The concept of psychological safety3 was first applied to healthcare by Edmonson more than 20 years ago. She defined it as “a shared belief that the team is safe for interpersonal risk taking” and a culture that encourages individuals “to express their ideas and concerns, to speak up with questions, and to admit mistakes—all without fear of negative consequences.”4 The concept is generally used in patient safety to encourage transparent and open discussion of hazards and errors and to foster innovation and learning.5-7
Psychological safety relies on two key principles: respect and trust.4 Respect presumes that individuals involved in healthcare, even in adverse events, have expertise, acted in good faith and with good intentions, and were motivated to perform well. It is important to understand the context for their decisions and actions. If decisions or actions were imperfect, the goal should be to understand why they made sense at the time and how care could be improved in the future.
The goal of reporting and analyzing errors should be to promote insight, create solutions, and enable the individual and team to advance understanding and solutions. Trust requires that the team supports the individual, acknowledges and appreciates them for their contribution to learning, and joins them in developing strategies to make care safer for all going forward.

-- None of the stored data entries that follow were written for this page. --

Lemma open_cycle_mono y : y \in o ->
  open_cycle (cycle_mono u o) y = pure_word (u ++ rot (index y o) o).
Proof.
have Hcyc : fcycle (tnext (cycle_mono u o)) o.
  apply: cycle_from_next => // c co /=; apply/eqP/tnext_eq.
  - exact: cycle_mono_cyclic.
  - by rewrite tvars_cycle_mono.
  - by rewrite tvars_cycle_mono mem_next.
  - by rewrite src_cycle_mono ?mem_next // tgt_cycle_mono.
move=> yo; rewrite /open_cycle (fingraph.orbitE Hcyc uniq_o yo) /pure_word.
by congr (_, _); apply/ffunP=> c; rewrite !ffunE mem_rot; case: (c \in o).
Qed.

Lemma alternating_rot f x : alternating f -> x \in o ->
  f (pure_word (u ++ o)) = f (pure_word (u ++ rot (index x o) o)).
Proof.
move=> HR xo; case Eo: o xo => [//|y o'] xo; rewrite -Eo in xo *.
have yo : y \in o by rewrite Eo mem_head.
have y0 : index y o = 0%N by rewrite Eo /= eqxx.
have Hg := cycle_mono_cyclic.
have := HR _ y Hg; rewrite tvars_cycle_mono open_cycle_mono // y0 rot0 => /(_ yo) ->.
by rewrite -(HR _ x Hg) ?tvars_cycle_mono ?open_cycle_mono.
Qed.
End OneCycle.

(* Repeated rotations reorder the tail of a pure word arbitrarily. *)
Lemma alternating_perm f : alternating f -> forall q u q', perm_eq q q' ->
  uniq (u ++ q) -> (forall i, i \in u ++ q) ->
  f (pure_word (u ++ q)) = f (pure_word (u ++ q')).
Proof.
move=> HR; elim=> [|x q1 IH] u q' Hp Hu Hc; first by case: q' Hp => // y q' /perm_size.
have xq' : x \in q' by rewrite -(perm_mem Hp) mem_head.
have Hp' : perm_eq (u ++ x :: q1) (u ++ q') by rewrite perm_cat2l.
have Hu' : uniq (u ++ q') by rewrite -(perm_uniq Hp').
have Hc' i : i \in u ++ q' by rewrite -(perm_mem Hp').
rewrite (alternating_rot Hu' Hc' HR xq') (rot_index xq') -!cat_rcons.
apply: IH; rewrite ?cat_rcons //.
rewrite -(perm_cons x) -(rot_index xq'); apply: perm_trans Hp _.
by rewrite perm_sym perm_rot.
Qed.

Lemma alternating_tvars0 f m : alternating f -> cyclic_mono m ->
  tvars m = set0 -> f m = f (pure_word (enum 'I_n)).
Proof.
move=> HR Hg C0; have Hml := cyclic_ml Hg.
have mem2 i : i \in m.2 by rewrite (ml_memC _ Hml) C0 in_set0.
have -> : m = pure_word m.2.
  case: m Hg C0 {Hml mem2} => f0 w Hg C0; congr (_, _); apply/ffunP=> i.
  by rewrite ffunE; apply/eqP; apply: contraT => Hi; rewrite -(in_set0 i) -C0 inE.
rewrite -[m.2]cat0s (alternating_perm HR (q' := enum 'I_n)) ?ml_uniq //.
by apply: uniq_perm; rewrite ?enum_uniq ?ml_uniq // => i; rewrite mem_enum mem2.
Qed.

(* An alternating function vanishing off cyclic monomials is determined by
   its value at the pure word x_1 ... x_n: induction on the number of trace
   variables, opening a cycle at each step. *)
Lemma alternating_eq0 f : vanishes_acyclic f -> alternating f ->
  f (pure_word (enum 'I_n)) = 0 -> forall m, f m = 0.
Proof.
move=> HZ HR H0 m; have [N leN] := ubnP #|tvars m|.
elim: N m leN => // N IH m; rewrite ltnS => HN.
have [Hg|/HZ//] := boolP (cyclic_mono m).
have [C0|[k Hk]] := set_0Vmem (tvars m); first by rewrite (alternating_tvars0 HR).
have := HR _ _ Hg Hk; rewrite IH; last exact: leq_trans (card_tvars_open Hk) HN.
by move/eqP; rewrite eq_sym oppr_eq0 => /eqP.
Qed.
End AlternatingFunctions.

Section TrailUnits.
Variable n : nat.
Implicit Types (m : quasi_mono n) (l : seq 'I_n).

(* Units making the word of m a trail through the vertices v :: vs while
   keeping the commutative factors of m: the i-th letter of the word goes
   from the i-th to the (i+1)-th vertex. *)
Definition trail_units m v vs (c : 'I_n) : 'I_n * 'I_n :=
  if m.1 c is Some p then p
  else (nth v (v :: vs) (index c m.2), nth v vs (index c m.2)).

Lemma trail_units_tvar m v vs c :
  c \in tvars m -> trail_units m v vs c = (src m c, tgt m c).
Proof. by rewrite inE /trail_units /src /tgt; case: (m.1 c) => [[]|]. Qed.

Section Trail.
Variables (m : quasi_mono n) (v : 'I_n) (vs : seq 'I_n).
Hypotheses (m_ml : ml_mono m) (size_vs : size vs = size m.2).
Local Notation E := (trail_units m v vs).

Lemma trail_units_trail : trail E v m.2 vs.
Proof.
apply: trail_nth => //; first exact: ml_uniq.
by move=> c; rewrite (ml_memC _ m_ml) inE negbK /trail_units => /eqP ->.
Qed.

Lemma mono_with_trail_units_cat l : {subset l <= tvars m} ->
  mono_with E (m.2 ++ l) = ([ffun c => if c \in l then None else m.1 c], m.2 ++ l).
Proof.
move=> lC; congr (_, _); apply/ffunP=> c; rewrite !ffunE mem_cat.
case: (boolP (c \in l)) => [/lC|] cl; rewrite ?orbT ?orbF //.
rewrite (ml_memC _ m_ml) /trail_units inE; case: (m.1 c) => //.
Qed.

Lemma mono_with_trail_units : mono_with E m.2 = m.
Proof.
rewrite -[m.2]cats0 mono_with_trail_units_cat // cats0.
by case: (m) => f w; congr (_, _); apply/ffunP => c; rewrite ffunE.
Qed.

Lemma selects_trail_units_cat l : {subset l <= tvars m} ->
  walk E (last v vs) l (last v vs) -> selects E v (last v vs) (mono_with E (m.2 ++ l)).
Proof.
move=> lC Hw; rewrite selects_mono_with; apply: walk_cat Hw.
exact: trail_walk trail_units_trail.
Qed.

Organizational culture refers to the collective attitudes, beliefs, and values of an organization; a safety culture fosters a shared commitment to identifying and mitigating risks, learning, and improving. Safety culture requires leadership commitment to safety, engagement of individuals, and training to support improvement.8
Psychological safety and an organizational culture of safety are ideas firmly embedded in patient safety, but evidence is limited around their role in addressing diagnostic errors. It is reasonable, however, to think that the principles that enable error reporting and guide process improvements can also enable improvements in diagnostic safety.